Load Balancers failing to deploy due to issues finding suitable subnets
Environment
- Red Hat OpenShift Service on AWS (ROSA)
- Red Hat OpenShift Service on AWS with Hosted Control Plane (ROSA HCP)
Issue
In ROSA Classic / ROSA HCP the load balancers backing IngressControllers are failing to deploy with the following error message:
$ oc get co
NAME VERSION AVAILABLE PROGRESSING DEGRADED SINCE MESSAGE
...
ingress 4.20.3 False True True 102m The "default" ingress controller reports Available=False: IngressControllerUnavailable: One or more status conditions indicate unavailable: LoadBalancerReady=False (SyncLoadBalancerFailed: The service-controller component is reporting SyncLoadBalancerFailed events like: Error syncing load balancer: failed to ensure load balancer: could not find any suitable subnets for creating the ELB...
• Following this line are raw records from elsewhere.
(* There is an absolute constant $C$ such that for all integers $m$ and all integers $n>\sqrt{|m|}$ (with $n\ge3$, so that the expression is defined), $$N_{\mathrm{root}}(4m;-n)\le C\, n(\log n)(\log\log n)^2 .$$ That is, $N_{\mathrm{root}}(4m;-n)=O(n\log n(\log\log n)^2)$ uniformly for $n>\sqrt{|m|}$, with implied constant independent of $m$.
   Context: $Q_{\mathcal D}(a,b,c,d)=2(a^2+b^2+c^2+d^2)-(a+b+c+d)^2$. For a quadruple $\mathbf v$, $|\mathbf v|$ is the sum of absolute values of its coordinates. $\mathbf S_i$ ($i=1,\dots,4$) is the integer matrix replacing the $i$-th coordinate $a_i$ of a quadruple by $2\sum_{j\ne i}a_j-a_i$, other coordinates fixed. An integer quadruple is reduced if no $\mathbf S_i$ strictly decreases $|\cdot|$; a reduced quadruple ordered as $a\le b\le c\le d$ with $a+b+c+d\ge0$ is a root quadruple if $a+b+c\ge d>0$. $N_{\mathrm{root}}(4m;-n)$ is the number of ordered integer root quadruples $(a,b,c,d)$, $a\le b\le c\le d$, with $a+b+c+d>0$, $Q_{\mathcal D}(a,b,c,d)=4m$ and $a=-n$. *)

From Stdlib Require Import ZArith Reals List.
Open Scope Z_scope.

Record quad := Quad { q1 : Z; q2 : Z; q3 : Z; q4 : Z }.

Definition QD (v : quad) : Z :=
  let '(Quad a b c d) := v in
  2 * (a*a + b*b + c*c + d*d) - (a+b+c+d)*(a+b+c+d).

Definition qnorm (v : quad) : Z :=
  let '(Quad a b c d) := v in Z.abs a + Z.abs b + Z.abs c + Z.abs d.

Definition S1 (v : quad) : quad :=
  let '(Quad a b c d) := v in Quad (2*(b+c+d) - a) b c d.
Definition S2 (v : quad) : quad :=
  let '(Quad a b c d) := v in Quad a (2*(a+c+d) - b) c d.
Definition S3 (v : quad) : quad :=
  let '(Quad a b c d) := v in Quad a b (2*(a+b+d) - c) d.
Definition S4 (v : quad) : quad :=
  let '(Quad a b c d) := v in Quad a b c (2*(a+b+c) - d).

Definition reduced (v : quad) : Prop :=
  qnorm v <= qnorm (S1 v) /\ qnorm v <= qnorm (S2 v) /\
  qnorm v <= qnorm (S3 v) /\ qnorm v <= qnorm (S4 v).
Additionally, other cluster operators like console or authentication may show as degraded (as they depend on the default ingressController)
$ oc get co
NAME VERSION AVAILABLE PROGRESSING DEGRADED SINCE MESSAGE
console 4.14.8 False False False 8d RouteHealthAvailable: failed to GET route (<route details>): Get "<route details>": context deadline exceeded (Client.Timeout exceeded while awaiting headers)
Or
Resolution
If the symptoms described in the Diagnosis session are true, then proceed with below steps:
-
Ensure that all
kubernetes.io/cluster/.*tags on the subnet, which reference other clusters, have their values set to shared. -
Tag the subnet with the clusters infrastructure ID as follows:
Get the infrastructure ID of the cluster:
- for ROSA Classic:
ocm get cluster $CLUSTER_ID | jq '.infra_id' - for ROSA HCP:
ocm get cluster $CLUSTER_ID | jq -r '.id'
Add the tag kubernetes.io/cluster/${INFRA_ID}:shared to the subnets of the VPC that hosts the ROSA cluster.
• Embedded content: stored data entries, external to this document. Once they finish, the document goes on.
Theorem mainTheorem14 :
  forall (L M N : nat) (A : nat -> nat -> R) (b : nat -> R) (eta : R)
    (r : R -> R) (u : R -> nat -> R) (r0 : R) (u0 : nat -> R),
    (L = 1%nat \/ L = 2%nat) ->
    (0 < N)%nat ->
    0 < eta ->
    0 < r0 ->
    (forall j, (j < N)%nat -> 0 < u0 j) ->
    wn_flow L M N A b eta 1 r u r0 u0 ->
    (exists c, 0 < c /\
       forall t j, 0 <= t -> (j < N)%nat -> c <= Rabs (u t j)) ->
    exists C, forall t, 0 <= t -> r t <= C.
Proof.
  intros L M N A b eta r u r0 u0 HL HN Heta _ _ Hflow [c [Hc Hu_away]].
  destruct Hflow as (_ & _ & Hr_cont & Hu_cont & Hflow_r & Hflow_u).
  exact (radius_bounded L M N A b eta c r u HL HN Heta Hr_cont Hu_cont
           Hflow_r Hflow_u Hc Hu_away).
Qed.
Optionally, add the kubernetes.io/role/internal-elb:1 tags to the private subnets and kubernetes.io/role/elb:1 to the public subnets.
Root Cause
Load balancer does not spin up because it can not find suitable subnets. The issue usually appears when subnets are shared with past or present EKS clusters.
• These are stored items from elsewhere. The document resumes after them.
(* The matrix $$R_\Omega=\begin{pmatrix}q&0&0&0\\0&q&q-q^{-1}&0\\0&0&q^{-1}&0\\0&0&0&-q^{-1}\end{pmatrix}$$ is superizable with $p(1)=0$, $p(2)=1$, and the super FRT bialgebra $A(\underline R_\Omega)$ of $\underline R_\Omega^a{}_c{}^b{}_d=(-1)^{p(a)p(b)}(R_\Omega)^a{}_c{}^b{}_d$ is the super-bialgebra generated by $1$ and $\mathbf u=\begin{pmatrix}\alpha&\beta\\\gamma&\delta\end{pmatrix}$, $\alpha,\delta$ even and $\beta,\gamma$ odd, with relations $\beta\alpha=\alpha\beta$, $\gamma\alpha=q^2\alpha\gamma$, $\delta\beta=\beta\delta$, $\delta\gamma=q^{-2}\gamma\delta$, $\gamma\beta=-q^2\beta\gamma$, $\delta\alpha-\alpha\delta=(1-q^2)\beta\gamma$, $\beta^2=\gamma^2=0$, and matrix super-coproduct $\underline\Delta\mathbf u=\mathbf u\otimes\mathbf u$, $\underline\varepsilon(\mathbf u)=\mathrm{id}$. If $\alpha,\delta$ are made invertible, one obtains a super-quantum group $GL^\Omega_q(1|1)$ with antipode $\underline S(\mathbf u)=\begin{pmatrix}\alpha^{-1}+\alpha^{-1}\beta\delta^{-1}\gamma\alpha^{-1}&-\alpha^{-1}\beta\delta^{-1}\\-\delta^{-1}\gamma\alpha^{-1}&\delta^{-1}+\delta^{-1}\gamma\alpha^{-1}\beta\delta^{-1}\end{pmatrix}$, and the super-determinant $\underline{\det}(\mathbf u)=\alpha\delta^{-1}-\beta\delta^{-1}\gamma\delta^{-1}$ is a central, even, group-like element.
   Context: $4\times4$ matrices have entries $R^a{}_c{}^b{}_d$ with row index $(a,b)$, column $(c,d)$, ordered $11,12,21,22$; repeated indices summed. $R$ is superizable w.r.t. $p$ if $R^a{}_c{}^b{}_d=0$ whenever $p(a)+p(b)-p(c)-p(d)\not\equiv0\pmod2$. The super FRT bialgebra $A(\underline R)$ is generated by $1$ and $u^i{}_j$ of degree $p(i)+p(j)$ with relations $(-1)^{p(a)p(b)+p(c)p(e)}\underline R^a{}_f{}^b{}_e\,u^f{}_c\,u^e{}_d=(-1)^{p(c)p(d)+p(r)p(a)}u^b{}_r\,u^a{}_s\,\underline R^s{}_c{}^r{}_d$, super-coproduct $\underline\Delta u^i{}_j=\sum_ku^i{}_k\otimes u^k{}_j$ in the graded tensor product, counit $\delta^i_j$; here $u^1{}_1=\alpha$, $u^1{}_2=\beta$, $u^2{}_1=\gamma$, $u^2{}_2=\delta$. *)

From HB Require Import structures.
From mathcomp Require Import all_boot all_order all_algebra.
Set Implicit Arguments. Unset Strict Implicit. Unset Printing Implicit Defensive.
Import GRing.Theory.
Local Open Scope ring_scope.

(* Indices 1,2 of the paper are the ordinals 0,1 of 'I_2. *)
Notation i1 := (@ord0 1).
Notation i2 := (@ord_max 1).

Definition par (i : 'I_2) : nat := nat_of_ord i.

(* A family of entries R^a_c^b_d is written  R a c b d. *)
Definition superizable {k : nzRingType} (R : 'I_2 -> 'I_2 -> 'I_2 -> 'I_2 -> k)
  (p : 'I_2 -> nat) : Prop :=
  forall a c b d : 'I_2,
    ~~ (2 %| ((p a)%:Z + (p b)%:Z - (p c)%:Z - (p d)%:Z))%Z -> R a c b d = 0.

(* R_Omega as a 4x4 matrix: row (a,b) and column (c,d), ordered 11,12,21,22,
   i.e. row index 2a+b and column index 2c+d (0-based). *)
Definition R_Omega {k : fieldType} (q : k) (a c b d : 'I_2) : k :=
  match (2 * a + b)%N, (2 * c + d)%N with
  | 0, 0 => q
  | 1, 1 => q
  | 1, 2 => q - q^-1
  | 2, 2 => q^-1
  | 3, 3 => - q^-1
  | _, _ => 0
  end.

Definition super_R {k : nzRingType} (R : 'I_2 -> 'I_2 -> 'I_2 -> 'I_2 -> k)
  (p : 'I_2 -> nat) (a c b d : 'I_2) : k :=
  (-1) ^+ (p a * p b) * R a c b d.

Definition FRT_rel {k : nzRingType} {A : lalgType k}
  (Rs : 'I_2 -> 'I_2 -> 'I_2 -> 'I_2 -> k) (p : 'I_2 -> nat)
  (u : 'I_2 -> 'I_2 -> A) : Prop :=
  forall a b c d : 'I_2,
    \sum_(e < 2) \sum_(f < 2)
       (((-1) ^+ (p a * p b + p c * p e) * Rs a f b e) *: (u f c * u e d))
    = \sum_(r < 2) \sum_(s < 2)
       (((-1) ^+ (p c * p d + p r * p a) * Rs s c r d) *: (u b r * u a s)).

(* The listed relations, with  alpha = u i1 i1, beta = u i1 i2,
   gamma = u i2 i1, delta = u i2 i2, where  pr i j k l  stands for the
   product of the generators u^i_j and u^k_l (so that the same relations can
   be written for an opposite / super-opposite product). *)
Definition GL_relP {k : fieldType} {A : lalgType k} (q : k)
  (pr : 'I_2 -> 'I_2 -> 'I_2 -> 'I_2 -> A) : Prop :=
  (pr i1 i2 i1 i1 = pr i1 i1 i1 i2 /\
      pr i2 i1 i1 i1 = q ^+ 2 *: pr i1 i1 i2 i1 /\
      pr i2 i2 i1 i2 = pr i1 i2 i2 i2 /\
      pr i2 i2 i2 i1 = q ^- 2 *: pr i2 i1 i2 i2 /\
      pr i2 i1 i1 i2 = - (q ^+ 2) *: pr i1 i2 i2 i1 /\
      pr i2 i2 i1 i1 - pr i1 i1 i2 i2 = (1 - q ^+ 2) *: pr i1 i2 i2 i1/\
      pr i1 i2 i1 i2 = 0 /\
    pr i2 i1 i2 i1 = 0).

Definition GL_rel {k : fieldType} {A : lalgType k} (q : k)
  (u : 'I_2 -> 'I_2 -> A) : Prop :=
  GL_relP q (fun i j k l => u i j * u k l).

(* Elements x i j and y k l supercommute (images of u^i_j (x) 1 and 1 (x) u^k_l
   in the graded tensor product). *)
Definition supercomm {A : nzRingType} (p : 'I_2 -> nat)
  (x y : 'I_2 -> 'I_2 -> A) : Prop :=
  forall i j k l : 'I_2,
    x i j * y k l = (-1) ^+ ((p i + p j) * (p k + p l)) * (y k l * x i j).

Definition mxprod {A : nzRingType} (x y : 'I_2 -> 'I_2 -> A) : 'I_2 -> 'I_2 -> A :=
  fun i j => \sum_(m < 2) x i m * y m j.

(* Identity 2x2 family (value of the counit on u). *)
Definition id2 {A : nzRingType} : 'I_2 -> 'I_2 -> A := fun i j => (i == j)%:R.

Definition antipode {A : unitRingType} (u : 'I_2 -> 'I_2 -> A) : 'I_2 -> 'I_2 -> A :=
  let al := u i1 i1 in let be := u i1 i2 in
  let ga := u i2 i1 in let de := u i2 i2 in
  fun i j =>
  if i == i1 then
    if j == i1 then al^-1 + al^-1 * be * de^-1 * ga * al^-1
    else - (al^-1 * be * de^-1)
  else
    if j == i1 then - (de^-1 * ga * al^-1)
    else de^-1 + de^-1 * ga * al^-1 * be * de^-1.

Definition sdet {A : unitRingType} (u : 'I_2 -> 'I_2 -> A) : A :=
  u i1 i1 * (u i2 i2)^-1 - u i1 i2 * (u i2 i2)^-1 * u i2 i1 * (u i2 i2)^-1.

Definition parity_inv {k : fieldType} {A : lalgType k} (p : 'I_2 -> nat)
  (u : 'I_2 -> 'I_2 -> A) : 'I_2 -> 'I_2 -> A :=
  fun i j => (-1) ^+ (p i + p j) *: u i j.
The subnet selection process prefers clusters tagged for the current cluster and excludes subnets tagged for other clusters.
Diagnostic Steps
- Check if the subnets are tagged
kubernetes.io/cluster/<cluster-identifier>for another cluster or using the cluster's name. - Check if the subnets are missing the
kubernetes.io/cluster/<cluster-identifier>tags. - Identify if there are other clusters running in the same VPC and/or sharing subnets.